This guide shows you how to train Matcha-TTS on your own custom dataset beyond the standard LJSpeech or VCTK datasets.
Overview
Training on a custom dataset involves:
- Preparing your audio data and transcriptions
- Creating a dataset configuration file
- Computing normalization statistics
- Training the model
Creating a Custom Dataset Config
Create config file
Create a new YAML file in configs/data/ for your dataset:touch configs/data/my_dataset.yaml
Define dataset configuration
Edit configs/data/my_dataset.yaml with your dataset parameters:_target_: matcha.data.text_mel_datamodule.TextMelDataModule
name: my_dataset
train_filelist_path: data/MyDataset/train.txt
valid_filelist_path: data/MyDataset/val.txt
batch_size: 32
num_workers: 8
pin_memory: True
cleaners: [english_cleaners2] # Or your custom cleaner
add_blank: True
n_spks: 1 # Set to >1 for multi-speaker
# Audio parameters
n_fft: 1024
n_feats: 80
sample_rate: 22050 # Match your audio sample rate
hop_length: 256
win_length: 1024
f_min: 0
f_max: 8000
# Data statistics (compute these in step 3)
data_statistics:
mel_mean: 0.0 # Replace with computed values
mel_std: 1.0 # Replace with computed values
seed: ${seed}
load_durations: false
Adjust audio parameters
The sample_rate must match your audio files. If your audio is 16kHz, set sample_rate: 16000 and adjust f_max accordingly (typically sample_rate / 2).

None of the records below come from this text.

Lemma derive_sign_change_lt (f df : R -> R) (t : R) :
  (forall x : R, x \in `[0, 1] -> is_derive x 1 f (df x)) -> t \in `[0, 1] ->
  (\forall h \near 0^', h + t \in `[0, 1] -> h * df (h + t) < 0) ->
  exists2 u, u \in `[0, 1] & f u < f t.
Proof.
move=> fd tI; rewrite near_withinE => /nbhs_norm0P[e /= e0 He].
have [u uI /andP[ut0 ute]] := itv01_near_point tI e0.
have tu : t != u by apply: contraTneq ut0 => ->; rewrite subrr normr0 ltxx.
have [th /andP[th0 th1] fE] := MVT_between fd tI uI tu.
exists u => //; rewrite -subr_lt0 fE.
have hI : th * (u - t) + t \in `[0, 1].
  by move: tI uI; rewrite !in_itv /= => /andP[? ?] /andP[? ?]; apply/andP; split; nra.
have : th * (u - t) * df (th * (u - t) + t) < 0.
  apply: (He _ _ _ hI) => /=.
  - by rewrite normrM gtr0_norm // -[e]mul1r ltr_pM // ltW.
  - by rewrite mulf_neq0 ?(gt_eqF th0) // -normr_gt0.
by rewrite -mulrA pmulr_rlt0 // mulrC addrC.
Qed.

Lemma line_punctured_component (p n : V) (r s : R) : dot2 n n = 1 -> 0 < r ->
  connected_component ([set p + u *: n | u in [set: R]] `\ (p + r *: n)) p (p + s *: n)
  <-> s < r.
Proof.
move=> n1 r0; pose coord (x : V) := dot2 (x - p) n.
have coordE u : coord (p + u *: n) = u by rewrite /coord addrC addKr dot2Zl n1 mulr1.
have coord_cont : continuous coord.
  by move=> x; apply: cvg_dot2 (cvg_cst _); apply: cvgB; [exact: cvg_id | exact: cvg_cst].
have line_cont : continuous (fun u : R => p + u *: n).
  by move=> u; apply: cvgD (cvg_cst _) _; apply: cvgZ; [exact: cvg_id | exact: cvg_cst].
split.
  case=> K [Kp Kline Kconn] Ks; rewrite ltNge; apply/negP => rs.
  have Kitv : is_interval (coord @` K).
    apply/connected_intervalP; apply: connected_continuous_connected => //.
    exact: continuous_subspaceT.
  have [x Kx xr] : (coord @` K) r.
    apply: (Kitv 0 s); last by rewrite (ltW r0) rs.
    - by exists p => //; rewrite -[p in coord p]addr0 -(scale0r n) coordE.
    - by exists (p + s *: n) => //; rewrite coordE.
  have [[u _ xu] xc] := Kline x Kx.
  by apply: xc; rewrite -xu; move: xr; rewrite -xu coordE => ->.
move=> sr; exists ((fun u => p + u *: n) @` [set u | u < r]); last by exists s.
split.
- by exists 0 => //; rewrite scale0r addr0.
- move=> _ [u ur <-]; split; first by exists u.
  by move=> /(congr1 coord); rewrite !coordE => ur'; move: ur; rewrite ur' /= ltxx.
- apply: connected_continuous_connected; last exact: continuous_subspaceT.
  by apply/connected_intervalP => x y _ yr z /andP[_ zy]; exact: le_lt_trans zy yr.
Qed.

Definition tangent_turn (a : R -> V) (t : R) : R :=
  det2 (tangent a t) (derive1 (tangent a) t).

Section Curve.
Variables (C : set V) (alpha : R -> V).
Hypothesis alphaC : forall t, t \in `[0, 1] -> C (alpha t).
Hypothesis alpha_derivable : forall t, t \in `[0, 1] -> derivable alpha t 1.
Hypothesis alpha'_neq0 : forall t, t \in `[0, 1] -> derive1 alpha t != 0.
Hypothesis tangent_derivable : forall t, t \in `[0, 1] -> derivable (tangent alpha) t 1.
Hypothesis tangent'_neq0 : forall t, t \in `[0, 1] -> derive1 (tangent alpha) t != 0.
Hypothesis alpha_ccw : counterclockwise C alpha.

Lemma derive1_tangentE t : t \in `[0, 1] ->
  derive1 (tangent alpha) t = tangent_turn alpha t *: rot90 (tangent alpha t).
Proof.
move=> tI; apply: unit_orthogonal_decomp; first exact: dot2_tangent (alpha'_neq0 tI).
apply: unit_derive1_orthogonal tI _ (tangent_derivable tI) => u uI.
exact: dot2_tangent (alpha'_neq0 uI).
Qed.

Lemma tangent_turn_neq0 t : t \in `[0, 1] -> tangent_turn alpha t != 0.
Proof.
move=> tI; apply: contra_neq (tangent'_neq0 tI) => k0.
by rewrite derive1_tangentE // k0 scale0r.
Qed.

Common configurations:For 22.05 kHz audio (LJSpeech standard):sample_rate: 22050
hop_length: 256
win_length: 1024
f_max: 8000
For 16 kHz audio:sample_rate: 16000
hop_length: 200
win_length: 800
f_max: 8000
For 24 kHz audio:sample_rate: 24000
hop_length: 300
win_length: 1200
f_max: 12000
Computing Dataset Statistics
Normalization statistics are critical for training stability.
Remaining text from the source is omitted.